Th. Si la puissance est prise pour la source de l’action, elle dit quelque chose de plus qu’une aptitude ou facilité, par laquelle on a expliqué la puissance dans le chapitre précédent ; car elle renferme encore la tendance, comme j’ai déjà remarqué plus d’une fois. C’est pourquoi, dans ce sens, j’ai coutume de lui affecter le terme d’entéléchie, qui est ou primitive et répond à l’âme prise pour quelque chose d’abstrait, ou dérivative, telle qu’on conçoit dans le conatus et dans la vigueur et impétuosité, Le terme de cause n’est entendu ici que de la cause efficiente ; mais on l’entend encore de la finale ou du motif, pour ne point parler ici de la matière et de la forme, qu’on appelle encore causes dans les écoles. Je ne sais si l’on peut dire que le même être est appelé action dans l’agent et passion dans le patient, et se trouve ainsi en deux sujets à la fois comme le rapport, et s’il ne vaut mieux de dire que ce sont deux êtres, l’un dans l’agent, l’autre dans le patient.
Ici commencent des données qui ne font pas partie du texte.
Lemma Bfun_continuous mu mut t : continuity_pt (Bfun f mu mut) t.
Proof.
  apply (continuity_pt_ext
    (fun x => (mut / mu - 1) * f x 0 + (lap_symbol mu / mu * mut - lap_symbol mut))).
  { intros x. unfold Bfun, cfun, speed, lap_symbol, Rdiv. ring. }
  apply continuity_pt_affine, f0_continuous.
Qed.

(* [f t] is decreasing on (0, oo) but only Lipschitz at 0, so it is compared with
   [f t e] for a small e > 0 first. *)
Lemma f_le_f0 t x : 0 <= x -> f t x <= f t 0.
Proof.
  intros Hx. destruct Hf as [_ [Hlip [Hd [_ [_ [_ [Hneg _]]]]]]].
  destruct Hx as [Hx | <-]; [| lra].
  destruct (Hlip (x + 1)) as [L [HL HLi]]; [lra |].
  assert (Hnear : forall e, 0 < e < x -> f t x <= f t 0 + L * e).
  { intros e He.
    destruct (MVT_cor2 (f t) (fu t) e x) as [c [Hc1 Hc2]]; [lra | intros; apply Hd; lra |].
    pose proof (Hneg t c ltac:(lra)).
    assert (Hdrop : f t x - f t e <= 0) by (rewrite Hc1; nra).
    assert (Hl : Rabs (f t e - f t 0) <= L * Rabs (e - 0))
      by (apply HLi; rewrite ?Rabs_R0, ?Rabs_right; lra).
    rewrite Rminus_0_r, (Rabs_right e) in Hl by lra. pose proof (Rle_abs (f t e - f t 0)). lra. }
  apply Rnot_lt_le. intros Hgt.
  pose proof (Rmin_l (x / 2) ((f t x - f t 0) / (2 * (L + 1)))).
  pose proof (Rmin_r (x / 2) ((f t x - f t 0) / (2 * (L + 1)))).
  set (e := Rmin (x / 2) ((f t x - f t 0) / (2 * (L + 1)))) in *.
  assert (He : 0 < e) by (apply Rmin_pos; apply Rdiv_lt_0_compat; lra).
  specialize (Hnear e ltac:(lra)).
  assert (L * e <= (f t x - f t 0) / 2); [| lra].
  apply Rle_trans with ((L + 1) * e); [nra |].
  apply Rmult_le_reg_l with (/ (L + 1)); [apply Rinv_0_lt_compat; lra |].
  rewrite <- Rmult_assoc, Rinv_l, Rmult_1_l by lra.
  apply Rle_trans with ((f t x - f t 0) / (2 * (L + 1))); [assumption |].
  right. field. lra.
Qed.

Lemma mul_f_le_mul_f0 t x : x * f t x <= x * f t 0.
Proof.
  destruct (Rle_dec 0 x) as [Hx | Hx].
  - apply Rmult_le_compat_l; [exact Hx | now apply f_le_f0].
  - destruct Hf as [_ [_ [_ [_ [Hneg0 _]]]]]. rewrite Hneg0 by lra. lra.
Qed.

Lemma reaction_loss_le t w q L :
  (forall x y, Rabs x <= 2 -> Rabs y <= 2 -> Rabs (f t x - f t y) <= L * Rabs (x - y)) ->
  0 <= q -> (0 < w -> w <= 2 /\ L * w ^ 2 <= q) ->
  w * (f t 0 - f t w) <= q.
Proof.
  intros HL Hq Hsmall. destruct (Rle_dec w 0) as [Hneg | Hpos].
  - destruct Hf as [_ [_ [_ [_ [Hflat _]]]]]. rewrite (Hflat t w Hneg). lra.
  - destruct (Hsmall ltac:(lra)) as [Hle2 Hsq].
    assert (Hl : Rabs (f t 0 - f t w) <= L * Rabs (0 - w))
      by (apply HL; rewrite ?Rabs_R0, ?Rabs_right; lra).
    rewrite Rminus_0_l, Rabs_Ropp, (Rabs_right w) in Hl by lra.
    pose proof (Rle_abs (f t 0 - f t w)).
    apply Rle_trans with (L * w ^ 2); [simpl; nra | exact Hsq].
Qed.

End Reaction.

Lemma mul_f_increment_le (f : R -> R -> R) t x y K L F :
  0 <= L -> Rabs x <= K -> Rabs y <= K -> y <= x ->
  (forall a b, Rabs a <= K -> Rabs b <= K -> Rabs (f t a - f t b) <= L * Rabs (a - b)) ->
  Rabs (f t 0) <= F ->
  x * f t x - y * f t y <= (F + 2 * L * K) * (x - y).
Proof.
  intros HL Hx Hy Hxy Hlip HF.
  assert (HK : 0 <= K) by (pose proof (Rabs_pos x); lra).
  assert (H1 : Rabs (f t x - f t 0) <= L * Rabs (x - 0)) by (apply Hlip; rewrite ?Rabs_R0; lra).
  assert (H2 : Rabs (f t x - f t y) <= L * Rabs (x - y)) by (apply Hlip; assumption).
  rewrite Rminus_0_r in H1. rewrite (Rabs_right (x - y)) in H2 by lra.
  assert (Hfx : f t x <= F + L * K).
  { assert (L * Rabs x <= L * K) by (apply Rmult_le_compat_l; assumption).
    pose proof (Rle_abs (f t x - f t 0)). pose proof (Rle_abs (f t 0)). lra. }
  replace (x * f t x - y * f t y) with ((x - y) * f t x + y * (f t x - f t y)) by ring.
  assert ((x - y) * f t x <= (x - y) * (F + L * K)) by (apply Rmult_le_compat_l; lra).
  assert (y * (f t x - f t y) <= K * (L * (x - y))).
  { eapply Rle_trans; [apply Rle_abs |]. rewrite Rabs_mult.
    apply Rmult_le_compat; auto using Rabs_pos. }
  nra.
Qed.

Lemma solution_continuous_in f t0 u0 u a b t j :
  is_solution f t0 u0 u -> t0 <= a -> a <= t <= b -> continuous_in (fun x => u x j) a b t.
Proof.
  intros [Hinit [_ [Hder Hright]]] Ha Ht.
  destruct (Rle_lt_or_eq_dec t0 t ltac:(lra)) as [Hlt | <-].
  - apply continuity_pt_continuous_in. eapply continuity_pt_derivable_pt_lim, Hder, Hlt.
  - intros eps Heps. destruct (Hright j eps Heps) as [del [Hdel Hnear]].
    exists del. split; [exact Hdel |]. intros x Hx Hxt.
    rewrite Hinit. apply Hnear. apply Rabs_def2 in Hxt. lra.
Qed.

Section Comparison.
Variables (f fu : R -> R -> R) (M0 : R).
Hypothesis Hf : H0 f fu M0.
Variables (t0 : R) (u0 : Z -> R) (u : R -> Z -> R).
Hypothesis Hsol : is_solution f t0 u0 u.

Lemma solution_le_supersolution (W dW : R -> Z -> R) a b :
  t0 <= a <= b ->
  (forall t j, derivable_pt_lim (fun x => W x j) t (dW t j)) ->
  (forall t j, a < t <= b -> disc_lap (W t) j + f t 0 * W t j <= dW t j) ->
  (forall t j, a <= t <= b -> 0 <= W t j) ->
  (forall j, u a j <= W a j) ->
  forall t j, a <= t <= b -> u t j <= W t j.
Proof.
  intros [Ha Hab] HdW Hsuper HWpos Hinit t j Ht.
  pose proof Hsol as [_ [Hbd [Hder _]]].
  destruct (Hbd b ltac:(lra)) as [Mu HMu].
  destruct (continuous_ab_bound (fun x => f x 0) a b Hab (f0_continuous f fu M0 Hf))
    as [F [HF0 HF]].
  enough (u t j - W t j <= 0) by lra.
  apply (lattice_max_principle (fun t j => u t j - W t j) a b F Mu HF0); [| | | | exact Ht].
  - intros i. specialize (Hinit i). lra.
  - intros s i Hs. pose proof (HMu s i ltac:(lra)). pose proof (Rle_abs (u s i)).
    pose proof (HWpos s i Hs). lra.
  - intros s i Hs. apply continuous_in_minus; [now apply (solution_continuous_in f t0 u0) |].
    eapply continuity_pt_continuous_in, continuity_pt_derivable_pt_lim, HdW.
  - intros s i Hs. exists (lattice_rhs f s (u s) i - dW s i). split.
    + apply derivable_pt_lim_minus; [apply Hder; lra | apply HdW].
    + intros Hpos. rewrite lattice_rhs_disc_lap.
      pose proof (mul_f_le_mul_f0 f fu M0 Hf s (u s i)). pose proof (Hsuper s i Hs).
      pose proof (Rle_abs (f s 0)). pose proof (HF s ltac:(lra)).
      assert (f s 0 * (u s i - W s i) <= F * (u s i - W s i)) by (apply Rmult_le_compat_r; lra).
      unfold disc_lap in *. lra.
Qed.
Ph. Plusieurs mots, qui semblent exprimer quelque action, ne signifient que la cause et l’effet ; comme la création et l’annihilation ne renferment aucune idée de l’action ou de la manière, mais simplement de la cause et de la chose qui est produite.

Th. J’avoue qu’en pensant à la création on ne conçoit point une manière d’agir, capable de quelque détail, qui ne saurait même y avoir lieu ; mais, puisqu’on exprime quelque chose de plus que Dieu et le monde (car on pense que Dieu est la cause et le monde l’effet, ou bien que Dieu a produit le monde), il est manifeste qu’on pense encore à l’action.